Cyber Incident Victim: blog.imam-khomeini.ir
Date:
Jan 2016
Location:
Iran
Summary
The official blog associated with Iran's Supreme Leader Ruhollah Khomeini was compromised and defaced by a Saudi hacker known as Crazy-3r3r, who replaced the site's content with an image depicting a Saudi fighter jet carrying an Iranian leader with an eagle beak. This cyberattack occurred amid heightened regional tensions following the execution of a prominent Shiite cleric, reflecting ongoing digital conflicts between Iranian and Saudi actors. The compromised site, managed by the Institute for Compilation and Publication of Imam Khomeini’s Works, remained defaced at the time of reporting. The hacker had previously targeted UAE police websites, and the incident aligns with a pattern of reciprocal cyber operations between groups linked to both nations.

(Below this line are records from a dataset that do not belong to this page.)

Lemma card_bouquet_hub_nbrs : #|N u| = 6.
Proof.
have [uc1 uc2 uc3] := hub_in_cycles.
rewrite (_ : N u = [set y | cycle_edge c1 u y] :|: [set y | cycle_edge c2 u y]
                   :|: [set y | cycle_edge c3 u y]); last first.
  by apply/setP => y; rewrite !inE orbA.
rewrite cardsU cardsU setIUl !cycle_nbrs_inter //.
by rewrite setU0 cards0 !card_cycle_nbrs.
Qed.

Lemma card_bouquet_nbrs x : [|| x \in c1, x \in c2 | x \in c3] -> x != u -> #|N x| = 2.
Proof.
move=> xc xu.
have notin (c c' : seq T) : [set x in c] :&: [set x in c'] = [set u] ->
    x \in c -> x \notin c'.
  move=> I xc'; apply/negP => xc''.
  by move: (mem_inter_cycles x I); rewrite xc' xc'' (negbTE xu).
have only (c : seq T) : is_cycle e c -> x \in c ->
    (forall y, [|| cycle_edge c1 x y, cycle_edge c2 x y | cycle_edge c3 x y]
       = cycle_edge c x y) -> #|N x| = 2.
  move=> Cc xc' E; rewrite -(card_cycle_nbrs Cc xc').
  by apply: eq_card => y; rewrite !inE E.
case/or3P: xc => [xc|xc|xc]; apply: (only _ _ xc) => // y.
- rewrite (cycle_edge_notin _ (notin _ _ I12 xc)).
  by rewrite (cycle_edge_notin _ (notin _ _ I13 xc)) !orbF.
- have xc1 : x \notin c1 by apply: contraL xc => /(notin _ _ I12).
  by rewrite (cycle_edge_notin _ xc1) (cycle_edge_notin _ (notin _ _ I23 xc)) !orbF.
- have xc1 : x \notin c1 by apply: contraL xc => /(notin _ _ I13).
  have xc2 : x \notin c2 by apply: contraL xc => /(notin _ _ I23).
  by rewrite (cycle_edge_notin _ xc1) (cycle_edge_notin _ xc2).
Qed.
(* epsilon_i of a single letter (it is at most 1) *)
Definition eps_l (i n : nat) (a : letter) : nat := napp (e_l i n) 2 a.

(* f_i on words a_1 (x) ... (x) a_N = (a_1 (x) ... (x) a_{N-1}) (x) a_N, by the
   tensor rule; [fuel] is a recursion bound (called with the word length).
   phi_i of the prefix w' is the maximal number of applications of f_i on w',
   computed with bound size w' (phi_i of a word never exceeds its length). *)
Fixpoint ftil (i n fuel : nat) (w : seq letter) : option (seq letter) :=
  if fuel is fuel'.+1 then
    match rev w with
    | [::] => None
    | a :: rw' =>
      let w' := rev rw' in
      if eps_l i n a < napp (ftil i n fuel') (size w') w' then
        omap (fun v => rcons v a) (ftil i n fuel' w')
      else omap (fun b => rcons w' b) (f_l i n a)
    end
  else None.

Definition f_word (i n : nat) (w : seq letter) : option (seq letter) :=
  ftil i n (size w) w.
Definition phi_word (i n : nat) (w : seq letter) : nat :=
  napp (f_word i n) (size w) w.

Fixpoint etil_rev (i n : nat) (rw : seq letter) : option (seq letter) :=
  match rw with
  | [::] => None
  | a :: rw' =>
    if eps_l i n a <= phi_word i n (rev rw') then
      omap (fun v => a :: v) (etil_rev i n rw')
    else omap (fun b => b :: rw') (e_l i n a)
  end.
Definition e_word (i n : nat) (w : seq letter) : option (seq letter) :=
  omap (@rev letter) (etil_rev i n (rev w)).

Definition sp_hw (T : tableau) : Prop :=
  exists N, forall n, N <= n -> forall i, 1 <= i <= n ->
    e_word i n (reading T) = None.

Definition inSP (lam mu : seq nat) (T : tableau) : Prop :=
  [/\ ssyt T, on_Ainf T, shape T = lam, sp_hw T & has_weight T mu].

Definition rem_at (A : Type) (j : nat) (s : seq A) : seq A := take j s ++ drop j.+1 s.

Definition delete_cell (T : tableau) (c : nat * nat) : tableau :=
  filter (fun row => size row != 0)
         (set_nth [::] T c.1 (rem_at c.2 (nth [::] T c.1))).

Definition iota_sp (T : tableau) : tableau :=
  match [seq c <- reading_cells T | is_neg (entry T c)] with
  | [::] => T
  | c :: cs => delete_cell T (last c cs)
  end.

From Pilot Require Import Defs.
From mathcomp Require Import all_boot all_order all_algebra.
From mathcomp Require Import zify.
Set Implicit Arguments. Unset Strict Implicit. Unset Printing Implicit Defensive.

(* A tableau is sp-highest weight iff, for every i >= 1, its reading is an
   i-lattice word: every prefix has at least as many letters i, bar(i+1) (on
   which f_i acts) as letters i+1, bar(i) (on which e_i acts); for n beyond the
   entries of the tableau, e_n acts on no letter at all.  In a semistandard
   sp-highest weight tableau the unbarred entries of row r are all equal to r.
   The last barred entry of the reading is the bottom cell of the leftmost
   column containing a barred letter: everything to its left is unbarred and
   nothing lies below it.  Deleting it and sliding the rest of its row to the
   left keeps the tableau semistandard, and in the reading every barred entry
   of that row moves past the column segment above it.  That segment reads
   1, 2, ..., k followed by barred letters smaller than the moving one, so it is
   itself i-lattice whenever the moving letter is bar(i+1): all lattice
   conditions survive.  Conversely, the shape tells which row lost a cell, the
   weight tells which barred letter was deleted, and a weakly increasing row is
   determined by its multiset of entries. *)

Lemma eqPos i j : (Pos i == Pos j) = (i == j).
Proof. by apply/eqP/eqP => [[]|->]. Qed.
Lemma eqNeg i j : (Neg i == Neg j) = (i == j).
Proof. by apply/eqP/eqP => [[]|->]. Qed.
Lemma eqPosNeg i j : (Pos i == Neg j) = false.
Proof. by apply/eqP. Qed.
Lemma eqNegPos i j : (Neg i == Pos j) = false.
Proof. by apply/eqP. Qed.
Definition letter_eqE := (eqPos, eqNeg, eqPosNeg, eqNegPos).

Lemma lel_refl : reflexive lel.
Proof. by case=> j /=. Qed.
Lemma lel_trans : transitive lel.
Proof. by case=> [a|a] [b|b] [c|c] //=; lia. Qed.
Lemma lel_anti : antisymmetric lel.
Proof. by case=> [a|a] [b|b] //= /andP [h1 h2]; f_equal; lia. Qed.
Lemma ltlW a b : ltl a b -> lel a b.
Proof. by case/andP. Qed.
Lemma ltl_lel_trans a b c : ltl a b -> lel b c -> ltl a c.
Proof.
move=> /andP [ab nab] bc; rewrite /ltl (lel_trans ab bc); apply: contra nab => /eqP ac.
by rewrite -ac in bc; apply/eqP/lel_anti; rewrite ab bc.
Qed.
Lemma lel_ltl_trans a b c : lel a b -> ltl b c -> ltl a c.
Proof.
move=> ab /andP [bc nbc]; rewrite /ltl (lel_trans ab bc); apply: contra nbc => /eqP ac.
by rewrite ac in ab; apply/eqP/lel_anti; rewrite ab bc.
Qed.
Lemma lel_neg a b : is_neg a -> lel a b -> is_neg b.
Proof. by case: a b => [a|a] [b|b]. Qed.
Lemma ltl_Pos p q : ltl (Pos p) (Pos q) = (p < q).
Proof. by rewrite /ltl /= eqPos ltn_neqAle andbC. Qed.

Lemma iota0_split a n : a < n -> iota 0 n = iota 0 a ++ a :: iota a.+1 (n - a.+1).
Proof.
move=> lt_an; have e : n = a + (n - a.+1).+1 by lia.
by rewrite {1}e iotaD.
Qed.

Lemma iota0S n : iota 0 n.+1 = rcons (iota 0 n) n.
Proof. by rewrite -addn1 iotaD cats1. Qed.

Lemma rev_iotaS m d : rev (iota m d.+1) = (m + d) :: rev (iota m d).
Proof. by rewrite -addn1 iotaD rev_cat. Qed.

Lemma filter_iota0_split (P : pred nat) N r : r < N -> P r -> (forall r', r' < r -> P r') ->
  [seq x <- iota 0 N | P x] = iota 0 r ++ r :: [seq x <- iota r.+1 (N - r.+1) | P x].
Proof.
move=> rN Pr H; rewrite (iota0_split rN) filter_cat /= Pr; congr (_ ++ _).
by apply/all_filterP/allP => r'; rewrite mem_iota => /andP [_ /H].
Qed.

Lemma filter_iota0_prefix (P : pred nat) N h : h <= N -> (forall r, r < N -> P r = (r < h)) ->
  [seq x <- iota 0 N | P x] = iota 0 h.
Proof.
move=> hN HP; rewrite -[RHS](filter_iota_ltn 0 hN); apply: eq_in_filter => r.
by rewrite mem_iota => /andP [_ /HP].
Qed.

Lemma filter_iota0_downclosed (P : pred nat) N : (forall r, P r.+1 -> P r) ->
  exists2 h, [seq x <- iota 0 N | P x] = iota 0 h & forall r, r < h -> P r.
Proof.
move=> downP; elim: N => [|N [h filterE Ph]]; first by exists 0.
rewrite iota0S filter_rcons; case PN: (P N); last by exists h.
have Plt r : r <= N -> P r.
  move=> /subnKC; move: (N - r) => k; elim: k r => [|k IH] r; first by rewrite addn0 => ->.
  by rewrite addnS -addSn => /IH /downP.
exists N.+1 => [|r]; last by rewrite ltnS => /Plt.
rewrite iota0S; congr rcons; apply/all_filterP/allP => r.
by rewrite mem_iota => /andP [_ /ltnW /Plt].
Qed.

Lemma count_rcons (T : Type) (p : pred T) s x : count p (rcons s x) = count p s + p x.
Proof. by rewrite -cats1 count_cat /= addn0. Qed.

Section RemAt.
Variable A : Type.
Implicit Type s : seq A.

| CIA Posture | Motives | Tactics, Techniques & Procedures |
|---|---|---|
| Available to members | 2 motives | 1 technique |
| Threat Actor | Type | Location |
|---|---|---|
| 1 actor | Available to members | Available to members |
Description
On January 22, 2016, the official blog of Iran's Supreme Leader Ruhollah Khomeini (blog.imam-khomeini.ir) was defaced by a Saudi hacker using the alias Crazy-3r3r. The attacker replaced the website's content with an image depicting a Saudi fighter jet carrying Khomeini with an eagle beak, originally published in a 2015 Saudi newspaper. The defacement occurred amid heightened tensions between Iran and Saudi Arabia following Saudi Arabia's execution of prominent Shia cleric Sheikh Nimr Baqir al-Nimr on terrorism charges. The compromised site remained inaccessible with the defacement message still visible at the time of initial reporting. The hacker provided proof through Zone-H mirror links (ID 25504002), confirming the intrusion. The targeted blog operated under the supervision of the Institute for Compilation and Publication of Imam Khomeini’s Works. Crazy-3r3r had previously demonstrated capability by hacking multiple Abu Dhabi police websites in 2013, including the Police General Head Quarter and Civil Defense General Directorate portals. No immediate remediation efforts or technical details about the attack vector were reported in available sources.
This incident occurred within a broader pattern of reciprocal cyber operations between Iranian and Saudi-aligned actors. Prior to this defacement, Iranian hackers had targeted the Saudi Royal Airforce website, while the Yemen Cyber Army leaked confidential data from Saudi Arabia's Ministry of Foreign Affairs servers. Concurrently, hacktivist group Anonymous conducted operations against Saudi government websites to protest the planned execution of Mohammed al-Nimr, Sheikh Nimr's nephew. The geopolitical context involved diplomatic ruptures following Sheikh Nimr's execution among 47 prisoners, which included al-Qaeda operative Faris al-Zahrani. Saudi Arabia's judicial proceedings against Mohammed al-Nimr – arrested at age 17 for alleged anti-government activities – further escalated tensions. The blog defacement represented a symbolic digital retaliation during this period of strained bilateral relations, though no data breach or secondary impacts beyond the temporary website disruption were documented in available reports. The Institute overseeing Khomeini's digital properties did not issue public statements regarding incident response or restoration timelines according to the evidence.